- Task prompt: For each line below that contains the word "Definition", return that line.

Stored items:
_ _ _ _ _ _ _
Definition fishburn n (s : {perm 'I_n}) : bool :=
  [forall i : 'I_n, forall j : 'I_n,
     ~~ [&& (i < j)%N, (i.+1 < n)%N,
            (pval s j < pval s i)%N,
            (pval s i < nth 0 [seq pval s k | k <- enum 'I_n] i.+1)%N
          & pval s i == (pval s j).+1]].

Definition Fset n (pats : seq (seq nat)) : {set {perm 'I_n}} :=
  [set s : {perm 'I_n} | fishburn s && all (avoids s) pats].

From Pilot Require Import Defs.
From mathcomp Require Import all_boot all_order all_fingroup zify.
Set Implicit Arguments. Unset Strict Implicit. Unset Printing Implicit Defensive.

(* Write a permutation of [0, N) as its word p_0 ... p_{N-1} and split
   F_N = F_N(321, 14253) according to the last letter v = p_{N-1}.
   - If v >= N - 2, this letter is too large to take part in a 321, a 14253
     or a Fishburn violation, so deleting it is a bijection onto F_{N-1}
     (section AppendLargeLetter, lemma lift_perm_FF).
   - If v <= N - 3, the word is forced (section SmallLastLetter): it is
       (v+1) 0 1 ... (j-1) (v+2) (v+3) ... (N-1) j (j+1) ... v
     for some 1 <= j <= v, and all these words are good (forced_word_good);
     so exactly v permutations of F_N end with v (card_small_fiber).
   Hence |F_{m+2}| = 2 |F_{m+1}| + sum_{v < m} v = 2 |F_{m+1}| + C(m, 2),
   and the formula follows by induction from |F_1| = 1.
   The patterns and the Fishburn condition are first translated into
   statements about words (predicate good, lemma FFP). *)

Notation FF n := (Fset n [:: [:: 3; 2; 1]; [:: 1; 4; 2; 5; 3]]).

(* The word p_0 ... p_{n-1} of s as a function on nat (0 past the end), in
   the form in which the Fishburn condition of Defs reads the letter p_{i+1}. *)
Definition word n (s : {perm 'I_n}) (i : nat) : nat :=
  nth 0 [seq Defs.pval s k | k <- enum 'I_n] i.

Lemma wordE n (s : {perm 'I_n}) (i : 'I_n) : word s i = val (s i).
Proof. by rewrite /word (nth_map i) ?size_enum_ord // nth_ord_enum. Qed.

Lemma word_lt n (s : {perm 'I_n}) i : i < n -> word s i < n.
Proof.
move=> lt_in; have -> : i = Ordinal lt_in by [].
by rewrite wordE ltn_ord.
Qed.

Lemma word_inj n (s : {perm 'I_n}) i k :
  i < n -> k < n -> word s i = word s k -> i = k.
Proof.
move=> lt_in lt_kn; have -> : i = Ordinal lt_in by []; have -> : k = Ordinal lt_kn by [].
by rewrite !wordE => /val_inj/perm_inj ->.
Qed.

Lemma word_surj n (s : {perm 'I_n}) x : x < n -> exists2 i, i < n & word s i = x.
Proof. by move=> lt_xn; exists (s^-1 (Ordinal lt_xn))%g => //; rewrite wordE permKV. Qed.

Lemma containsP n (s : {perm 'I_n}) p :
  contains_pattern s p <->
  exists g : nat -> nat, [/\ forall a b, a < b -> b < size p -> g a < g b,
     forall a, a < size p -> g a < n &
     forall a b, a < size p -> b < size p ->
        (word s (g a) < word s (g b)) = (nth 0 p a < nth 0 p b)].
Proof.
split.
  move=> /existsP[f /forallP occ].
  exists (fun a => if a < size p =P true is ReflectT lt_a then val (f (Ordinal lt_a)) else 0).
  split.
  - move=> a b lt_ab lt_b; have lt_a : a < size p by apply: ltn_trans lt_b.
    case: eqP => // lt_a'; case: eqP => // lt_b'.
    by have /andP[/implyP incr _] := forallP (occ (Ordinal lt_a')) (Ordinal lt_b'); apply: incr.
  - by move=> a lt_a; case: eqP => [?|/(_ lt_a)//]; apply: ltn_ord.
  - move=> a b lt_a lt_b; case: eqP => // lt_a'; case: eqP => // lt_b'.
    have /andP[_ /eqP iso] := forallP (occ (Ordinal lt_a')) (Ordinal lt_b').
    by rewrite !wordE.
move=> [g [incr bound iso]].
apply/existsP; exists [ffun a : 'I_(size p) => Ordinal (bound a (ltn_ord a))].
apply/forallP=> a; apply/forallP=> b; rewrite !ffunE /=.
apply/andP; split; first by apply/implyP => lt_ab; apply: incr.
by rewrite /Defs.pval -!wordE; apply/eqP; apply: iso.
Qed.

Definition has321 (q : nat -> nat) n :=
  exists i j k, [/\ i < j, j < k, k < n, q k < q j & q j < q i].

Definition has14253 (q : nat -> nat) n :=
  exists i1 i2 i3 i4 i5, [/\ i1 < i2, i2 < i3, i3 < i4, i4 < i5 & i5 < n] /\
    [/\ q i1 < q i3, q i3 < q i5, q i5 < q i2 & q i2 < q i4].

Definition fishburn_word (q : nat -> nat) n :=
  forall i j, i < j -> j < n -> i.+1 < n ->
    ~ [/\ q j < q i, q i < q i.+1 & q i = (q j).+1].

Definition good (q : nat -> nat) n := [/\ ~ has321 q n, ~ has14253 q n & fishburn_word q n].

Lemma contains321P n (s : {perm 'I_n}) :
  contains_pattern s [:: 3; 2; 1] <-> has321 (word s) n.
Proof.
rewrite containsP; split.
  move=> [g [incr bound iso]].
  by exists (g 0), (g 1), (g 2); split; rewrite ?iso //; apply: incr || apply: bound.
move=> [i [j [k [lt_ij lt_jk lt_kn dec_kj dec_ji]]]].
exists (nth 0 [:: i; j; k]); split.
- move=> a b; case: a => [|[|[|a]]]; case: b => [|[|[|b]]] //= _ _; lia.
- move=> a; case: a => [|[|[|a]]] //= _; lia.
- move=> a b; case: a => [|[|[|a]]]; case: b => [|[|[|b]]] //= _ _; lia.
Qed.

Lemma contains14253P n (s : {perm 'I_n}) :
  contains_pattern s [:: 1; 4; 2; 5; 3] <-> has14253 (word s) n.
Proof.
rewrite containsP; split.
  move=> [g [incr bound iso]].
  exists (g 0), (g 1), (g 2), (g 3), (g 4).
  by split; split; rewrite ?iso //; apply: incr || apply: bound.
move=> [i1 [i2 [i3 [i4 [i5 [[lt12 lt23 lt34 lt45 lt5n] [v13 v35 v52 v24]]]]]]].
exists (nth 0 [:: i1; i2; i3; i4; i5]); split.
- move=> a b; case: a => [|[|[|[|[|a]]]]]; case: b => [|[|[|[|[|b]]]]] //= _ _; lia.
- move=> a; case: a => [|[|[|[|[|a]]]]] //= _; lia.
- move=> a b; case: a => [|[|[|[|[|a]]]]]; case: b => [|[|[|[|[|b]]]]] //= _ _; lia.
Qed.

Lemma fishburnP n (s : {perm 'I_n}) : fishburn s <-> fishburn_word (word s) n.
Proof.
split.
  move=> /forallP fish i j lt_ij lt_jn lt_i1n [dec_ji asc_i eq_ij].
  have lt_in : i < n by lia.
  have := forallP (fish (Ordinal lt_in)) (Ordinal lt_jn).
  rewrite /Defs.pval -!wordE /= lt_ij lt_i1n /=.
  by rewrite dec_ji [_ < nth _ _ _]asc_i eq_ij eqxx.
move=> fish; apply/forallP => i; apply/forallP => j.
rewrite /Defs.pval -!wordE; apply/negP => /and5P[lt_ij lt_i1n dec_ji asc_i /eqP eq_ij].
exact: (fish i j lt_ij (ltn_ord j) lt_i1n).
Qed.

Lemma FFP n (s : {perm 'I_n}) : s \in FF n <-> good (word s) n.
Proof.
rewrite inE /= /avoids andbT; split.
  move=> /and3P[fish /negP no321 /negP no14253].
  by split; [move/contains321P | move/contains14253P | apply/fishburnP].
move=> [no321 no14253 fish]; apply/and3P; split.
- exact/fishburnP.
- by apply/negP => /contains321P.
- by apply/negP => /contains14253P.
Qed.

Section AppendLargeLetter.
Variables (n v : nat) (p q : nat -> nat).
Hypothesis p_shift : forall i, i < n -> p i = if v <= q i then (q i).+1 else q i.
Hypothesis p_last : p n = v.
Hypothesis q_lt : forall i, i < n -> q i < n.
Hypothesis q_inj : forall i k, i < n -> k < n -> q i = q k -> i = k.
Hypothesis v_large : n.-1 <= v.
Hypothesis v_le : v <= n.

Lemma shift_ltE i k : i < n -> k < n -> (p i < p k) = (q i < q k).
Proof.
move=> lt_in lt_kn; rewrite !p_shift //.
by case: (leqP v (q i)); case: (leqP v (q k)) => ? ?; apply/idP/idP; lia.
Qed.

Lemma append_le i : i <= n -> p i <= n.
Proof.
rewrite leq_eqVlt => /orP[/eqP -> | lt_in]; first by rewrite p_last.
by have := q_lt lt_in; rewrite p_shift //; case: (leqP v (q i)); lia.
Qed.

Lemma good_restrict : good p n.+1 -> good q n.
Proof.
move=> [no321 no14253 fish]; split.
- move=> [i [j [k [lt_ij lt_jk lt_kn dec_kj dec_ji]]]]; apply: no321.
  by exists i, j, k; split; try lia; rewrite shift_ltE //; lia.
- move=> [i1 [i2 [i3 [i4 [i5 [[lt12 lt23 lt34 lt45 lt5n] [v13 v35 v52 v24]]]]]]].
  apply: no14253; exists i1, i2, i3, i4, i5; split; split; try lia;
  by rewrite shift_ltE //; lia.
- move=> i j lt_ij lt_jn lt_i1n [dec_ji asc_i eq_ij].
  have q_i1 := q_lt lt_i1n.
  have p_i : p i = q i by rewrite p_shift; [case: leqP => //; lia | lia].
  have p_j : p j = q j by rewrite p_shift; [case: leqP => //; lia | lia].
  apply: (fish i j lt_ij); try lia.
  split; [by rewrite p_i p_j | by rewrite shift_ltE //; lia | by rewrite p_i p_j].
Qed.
_ _ _ _ _ _ _
- Answer section:
Definition fishburn n (s : {perm 'I_n}) : bool :=
Definition Fset n (pats : seq (seq nat)) : {set {perm 'I_n}} :=
Definition word n (s : {perm 'I_n}) (i : nat) : nat :=
Definition has321 (q : nat -> nat) n :=
Definition has14253 (q : nat -> nat) n :=
Definition fishburn_word (q : nat -> nat) n :=
Definition good (q : nat -> nat) n := [/\ ~ has321 q n, ~ has14253 q n & fishburn_word q n].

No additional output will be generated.